(* id_k (x) E, acting blockwise on operators of I * 'I_k *)
Definition ampl {I J : finType} (k : nat) (E : op I -> op J) (X : op (I * 'I_k)%type)
  : op (J * 'I_k)%type :=
  fun xi yj => E (fun a b => X (a, xi.2) (b, yj.2)) xi.1 yj.1.

Definition completely_positive {I J : finType} (E : op I -> op J) : Prop :=
  forall (k : nat) (X : op (I * 'I_k)%type), psd X -> psd (ampl E X).

Definition trace_preserving {I J : finType} (E : op I -> op J) : Prop :=
  forall A : op I, trace (E A) = trace A.

(* N qubits: computational basis = {ffun 'I_N -> bool}                 *)
Variable N : nat.
Definition basis (k : nat) := {ffun 'I_k -> bool}.
Notation B := (basis N).

Definition restrict {k} (qs : k.-tuple 'I_N) (x : B) : basis k :=
  [ffun i => x (tnth qs i)].

(* basis state equal to a on qs and to x elsewhere *)
Definition merge {k} (qs : k.-tuple 'I_N) (a : basis k) (x : B) : B :=
  [ffun j => if [pick i | tnth qs i == j] is Some i then a i else x j].

(* A_qs : operator A on the qubits qs tensored with the identity elsewhere *)
Definition liftop {k} (qs : k.-tuple 'I_N) (A : op (basis k)) : op B :=
  fun x y => A (restrict qs x) (restrict qs y) *
             [forall j, (j \notin qs) ==> (x j == y j)]%:R.

(* E_qs : superoperator E on the qubits qs tensored with id elsewhere *)
Definition liftmap {k} (qs : k.-tuple 'I_N) (E : op (basis k) -> op (basis k))
  (rho : op B) : op B :=
  fun x y => E (fun a b => rho (merge qs a x) (merge qs b y))
               (restrict qs x) (restrict qs y).

Definition ketbra (i j : bool) : op (basis 1) :=
  fun a b => ((a ord0 == i) && (b ord0 == j))%:R.

Definition kb (q : 'I_N) (i j : bool) : op B := liftop [tuple q] (ketbra i j).

Definition var := nat.
Definition value := nat.
Definition cstate := var -> value.
Definition upd (s : cstate) (x : var) (v : value) : cstate :=
  fun z => if z == x then v else s z.

Inductive prog : Type :=
| PTerm                                     (* the terminated program "down" *)
| PSeq (S1 S2 : prog)
| PInit (q : 'I_N)                          (* q := |0> *)
| PUnit (k : nat) (qs : k.-tuple 'I_N) (U : op (basis k))
| PMeas (x : var) (q : 'I_N)
| PAssign (x : var) (e : cstate -> value)
| PIf (b : cstate -> bool) (S1 S2 : prog)
| PFun (y x : var) (f : value -> value)
| PRepeat (P : prog) (b : cstate -> bool).  (* repeat S until b *)

Fixpoint wf_prog (P : prog) : Prop :=
  match P with
  | PTerm => False
  | PSeq S1 S2 => wf_prog S1 /\ wf_prog S2
  | PInit _ => True
  | PUnit k qs U => uniq qs /\ unitary U
  | PMeas _ _ => True
  | PAssign _ _ => True
  | PIf _ S1 S2 => wf_prog S1 /\ wf_prog S2
  | PFun _ _ _ => True
  | PRepeat P _ => wf_prog P
  end.

(* sequencing with the convention down;S = S *)
Definition pseq (S1 S2 : prog) : prog :=
  if S1 is PTerm then S2 else PSeq S1 S2.

Definition init_map (q : 'I_N) (rho : op B) : op B :=
  opadd (opmul (kb q false false) (opmul rho (kb q false false)))
        (opmul (kb q false true) (opmul rho (kb q true false))).

Definition unit_map {k} (qs : k.-tuple 'I_N) (U : op (basis k)) (rho : op B) : op B :=
  opmul (liftop qs U) (opmul rho (adj (liftop qs U))).

Definition meas_map (q : 'I_N) (c : bool) (rho : op B) : op B :=
  opmul (kb q c c) (opmul rho (kb q c c)).

Definition local_cp {k} (qs : k.-tuple 'I_N) (M : op B -> op B) : Prop :=
  exists E : op (basis k) -> op (basis k),
    [/\ linear_map E, completely_positive E & M = liftmap qs E].

Definition local_cptp {k} (qs : k.-tuple 'I_N) (M : op B -> op B) : Prop :=
  exists E : op (basis k) -> op (basis k),
    [/\ linear_map E, completely_positive E, trace_preserving E & M = liftmap qs E].

(* one non-measurement transition <S,s,rho> -> <S',s',M rho>; the bool flag
   says whether the transition is faulty (~>) or ideal (->). *)
Inductive step1 : prog -> cstate -> prog -> cstate -> (op B -> op B) -> bool -> Prop :=
| st_IN q s : step1 (PInit q) s PTerm s (init_map q) false
| st_FIN q s M : local_cptp [tuple q] M -> step1 (PInit q) s PTerm s M true
| st_UT k qs U s : step1 (@PUnit k qs U) s PTerm s (unit_map qs U) false
| st_FUT k qs U s M : local_cptp qs M -> step1 (@PUnit k qs U) s PTerm s M true
| st_AS x e s : step1 (PAssign x e) s PTerm (upd s x (e s)) id false
| st_CO y x f s : step1 (PFun y x f) s PTerm (upd s y (f (s x))) id false
| st_CT (b : cstate -> bool) S1 S2 s : b s -> step1 (PIf b S1 S2) s S1 s id false
| st_CF (b : cstate -> bool) S1 S2 s : ~~ b s -> step1 (PIf b S1 S2) s S2 s id false
| st_RU P b s : step1 (PRepeat P b) s (PSeq P (PIf b PTerm (PRepeat P b))) s id false
| st_SC S1 S2 s S1' s' M f :
    step1 S1 s S1' s' M f -> step1 (PSeq S1 S2) s (pseq S1' S2) s' M f.

Fixpoint head_meas (P : prog) : option (var * 'I_N) :=
  match P with
  | PMeas x q => Some (x, q)
  | PSeq S1 _ => head_meas S1
  | _ => None
  end.

Fixpoint meas_cont (P : prog) : prog :=
  match P with
  | PMeas _ _ => PTerm
  | PSeq S1 S2 => pseq (meas_cont S1) S2
  | _ => P
  end.

(* A node: its program, classical state, its quantum state as a function
   of the indeterminate initial state rho~, and whether the transition
   from its parent to it is faulty. *)
Record node := Node {
  nprog : prog;
  nst : cstate;
  nq : op B -> op B;
  nfault : bool }.

(* A (possibly infinite) tree with nodes addressed by paths from the root;
   the children of the node at p are at rcons p false and rcons p true. *)
Definition tree := seq bool -> option node.

Definition is_leaf (n : node) : bool := if nprog n is PTerm then true else false.

Definition nfaults (t : tree) (p : seq bool) : nat :=
  \sum_(i < size p) (if t (take i.+1 p) is Some n then nfault n else false).

Definition is_fault_tree (r : nat) (S0 : prog) (s0 : cstate) (t : tree) : Prop :=
  [/\ t [::] = Some (Node S0 s0 id false),
      (forall p b, t p = None -> t (rcons p b) = None),
      (forall p n, t p = Some n ->
         if is_leaf n then (forall b, t (rcons p b) = None)
         else if head_meas (nprog n) is Some (x, q) then
           (* measurement: two children, by (M0),(M1) or by (F-M0),(F-M1) *)
           (   (forall c : bool, t (rcons p c) =
                  Some (Node (meas_cont (nprog n)) (upd (nst n) x c)
                             (meas_map q c \o nq n) false))
            \/ (exists M0 M1 : op B -> op B,
                  [/\ local_cp [tuple q] M0, local_cp [tuple q] M1,
                      (forall rho, trace (opadd (M0 rho) (M1 rho)) = trace rho) &
                      forall c : bool, t (rcons p c) =
                        Some (Node (meas_cont (nprog n)) (upd (nst n) x c)
                                   ((if c then M1 else M0) \o nq n) true)]))
         else
           t (rcons p true) = None /\
           exists n', t (rcons p false) = Some n' /\
             exists M, step1 (nprog n) (nst n) (nprog n') (nst n') M (nfault n')
                       /\ nq n' = M \o nq n) &
      (forall p n, t p = Some n -> nfaults t p <= r)%N ].

(* the state at leaf p of T(rho) (0 if p is not a leaf of T) *)
Definition leafval (t : tree) (rho : op B) (p : seq bool) : op B :=
  if t p is Some n then (if is_leaf n then nq n rho else op0) else op0.

(* unordered (possibly infinite) summation of a family of operators
   indexed by paths: the finite partial sums converge (entrywise) to L *)
Definition has_sum (f : seq bool -> op B) (L : op B) : Prop :=
  forall eps : C, 0 < eps ->
    exists s0 : seq (seq bool), forall s : seq (seq bool),
      uniq s -> {subset s0 <= s} ->
      forall x y, `| \sum_(p <- s) f p x y - L x y | < eps.

End QDefs.

From Pilot Require Import Defs.
From mathcomp Require Import all_boot all_order all_algebra.
From mathcomp Require Import complex.
From mathcomp Require Import reals classical_sets.
From mathcomp Require Import ring.
From Stdlib Require Import FunctionalExtensionality IndefiniteDescription.
Import Order.TTheory GRing.Theory Num.Theory.
Local Open Scope ring_scope.
Set Implicit Arguments. Unset Strict Implicit. Unset Printing Implicit Defensive.

(* Every leaf of the tree is reached from the root by composing completely
   positive maps (unitary conjugations, initialisations, measurement branches,
   local quantum operations), so each leaf map is linear and completely
   positive.  Non-measurement transitions preserve trace and so do the two
   branches of a measurement together; hence for a state rho the traces of the
   nodes at depth d plus the traces of the leaves above depth d add up to
   tr rho, and the leaves of any finite set carry total trace at most tr rho.
   For psd rho the quadratic forms of the leaf states are therefore summable
   families of nonnegative reals, polarisation recovers the entries, and since
   every operator is a combination of positive rank-one operators the sum
   converges for every rho.  Linearity, complete positivity and the trace
   bound pass to the limit. *)

Section UnorderedSum.
Variables (V : numFieldType) (T : eqType).

Definition has_sumr (f : T -> V) (l : V) :=
  forall eps : V, 0 < eps -> exists s0 : seq T, forall s, uniq s -> {subset s0 <= s} ->
    `|\sum_(p <- s) f p - l| < eps.

Lemma eq_has_sumr (f g : T -> V) l : f =1 g -> has_sumr f l -> has_sumr g l.
Proof.
move=> fg H eps e0; have [s0 Hs] := H _ e0; exists s0 => s us sub.
by rewrite -(eq_bigr _ (fun p _ => fg p)); apply: Hs.
Qed.

Lemma has_sumr0 : has_sumr (fun _ => 0) 0.
Proof. by move=> eps e0; exists [::] => s _ _; rewrite big1 // subr0 normr0. Qed.

Lemma has_sumrD (f g : T -> V) a b :
  has_sumr f a -> has_sumr g b -> has_sumr (fun p => f p + g p) (a + b).
Proof.
move=> Hf Hg eps e0; have e2 : 0 < eps / 2 by rewrite divr_gt0.
have [s1 H1] := Hf _ e2; have [s2 H2] := Hg _ e2.
exists (s1 ++ s2) => s us sub.
have h1 : `|\sum_(p <- s) f p - a| < eps / 2.
  by apply: H1 => // x hx; apply: sub; rewrite mem_cat hx.
have h2 : `|\sum_(p <- s) g p - b| < eps / 2.
  by apply: H2 => // x hx; apply: sub; rewrite mem_cat hx orbT.
rewrite big_split /= opprD addrACA (splitr eps).
exact: le_lt_trans (ler_normD _ _) (ltrD h1 h2).
Qed.

Lemma has_sumrZ c (f : T -> V) a : has_sumr f a -> has_sumr (fun p => c * f p) (c * a).
Proof.
move=> Hf eps e0; have c1 : 0 < `|c| + 1 by rewrite ltr_wpDl.
have [|s0 H] := Hf (eps / (`|c| + 1)); first by rewrite divr_gt0.
exists s0 => s us sub; rewrite -mulr_sumr -mulrBr normrM.
apply: le_lt_trans (_ : _ <= (`|c| + 1) * `|\sum_(p <- s) f p - a|) _.
  by rewrite ler_wpM2r // lerDl.
by rewrite mulrC -ltr_pdivlMr // H.
Qed.

Lemma has_sumr_sum (K : Type) (ks : seq K) (F : K -> T -> V) (L : K -> V) :
  (forall k, has_sumr (F k) (L k)) ->
  has_sumr (fun p => \sum_(k <- ks) F k p) (\sum_(k <- ks) L k).
Proof.
move=> H; elim: ks => [|k ks IH].
  by rewrite big_nil; apply: eq_has_sumr has_sumr0 => p; rewrite big_nil.
by rewrite big_cons; apply: eq_has_sumr (has_sumrD (H k) IH) => p; rewrite big_cons.
Qed.

Lemma has_sumr_unique (f : T -> V) a b : has_sumr f a -> has_sumr f b -> a = b.
Proof.
move=> Ha Hb; apply/eqP; rewrite -subr_eq0 -normr_eq0.
have [//|ne] := eqVneq `|a - b| 0.
have e0 : 0 < `|a - b| / 2 by rewrite divr_gt0 // lt_def ne normr_ge0.
have [s1 H1] := Ha _ e0; have [s2 H2] := Hb _ e0.
pose s := undup (s1 ++ s2).
have h1 : `|\sum_(p <- s) f p - a| < `|a - b| / 2.
  by apply: H1 => [|x hx]; rewrite ?undup_uniq // mem_undup mem_cat hx.
have h2 : `|\sum_(p <- s) f p - b| < `|a - b| / 2.
  by apply: H2 => [|x hx]; rewrite ?undup_uniq // mem_undup mem_cat hx orbT.
have : `|a - b| < `|a - b| / 2 + `|a - b| / 2.
  have E : a - b = - (\sum_(p <- s) f p - a) + (\sum_(p <- s) f p - b).
    by rewrite opprB addrA subrK.
  by rewrite {1}E; apply: le_lt_trans (ler_normD _ _) _; rewrite normrN ltrD.
by rewrite -splitr ltxx.
Qed.

Lemma has_sumr_uniform (J : finType) (F : J -> T -> V) (L : J -> V) :
  (forall j, has_sumr (F j) (L j)) -> forall eps, 0 < eps ->
  exists s0 : seq T, forall s : seq T, uniq s -> {subset s0 <= s} ->
    forall j, `|\sum_(p <- s) F j p - L j| < eps.
Proof.
move=> H eps e0.
suff [s0 Hs] : exists s0 : seq T, forall s, uniq s -> {subset s0 <= s} ->
    forall j, j \in enum J -> `|\sum_(p <- s) F j p - L j| < eps.
  by exists s0 => s us sub j; apply: Hs; rewrite ?mem_enum.
elim: (enum J) => [|j js [s1 IH]]; first by exists [::].
have [s2 H2] := H j _ e0; exists (s1 ++ s2) => s us sub i; rewrite inE.
case/orP=> [/eqP -> | hi].
  by apply: H2 => // x hx; apply: sub; rewrite mem_cat hx orbT.
by apply: IH => // x hx; apply: sub; rewrite mem_cat hx.
Qed.

Lemma approx_ge0 (l : V) :
  (forall eps, 0 < eps -> exists2 z, 0 <= z & `|l - z| < eps) -> 0 <= l.
Proof.
move=> H; suff : `|l - `|l| | == 0 by rewrite normr_eq0 subr_eq0 => /eqP ->.
have [//|ne] := eqVneq `|l - `|l| | 0.
have e0 : 0 < `|l - `|l| | / 2 by rewrite divr_gt0 // lt_def ne normr_ge0.
have [z z0 hz] := H _ e0.
have : `|l - `|l| | < `|l - `|l| | / 2 + `|l - `|l| | / 2.
  have E : l - `|l| = (l - z) + (`|z| - `|l|) by rewrite (ger0_norm z0) addrA subrK.
  rewrite {1}E; apply: le_lt_trans (ler_normD _ _) _; rewrite ltrD //.
  by apply: le_lt_trans (ler_dist_dist _ _) _; rewrite distrC.
by rewrite -splitr ltxx.
Qed.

WORK INSTRUCTION. In the listing above, find the line with "nodes at depth" and the line with "Section UnorderedSum.", then print exactly those lines and every line between them.

RESPONSE AREA.
   nodes at depth d plus the traces of the leaves above depth d add up to
   tr rho, and the leaves of any finite set carry total trace at most tr rho.
   For psd rho the quadratic forms of the leaf states are therefore summable
   families of nonnegative reals, polarisation recovers the entries, and since
   every operator is a combination of positive rank-one operators the sum
   converges for every rho.  Linearity, complete positivity and the trace
   bound pass to the limit. *)

Section UnorderedSum.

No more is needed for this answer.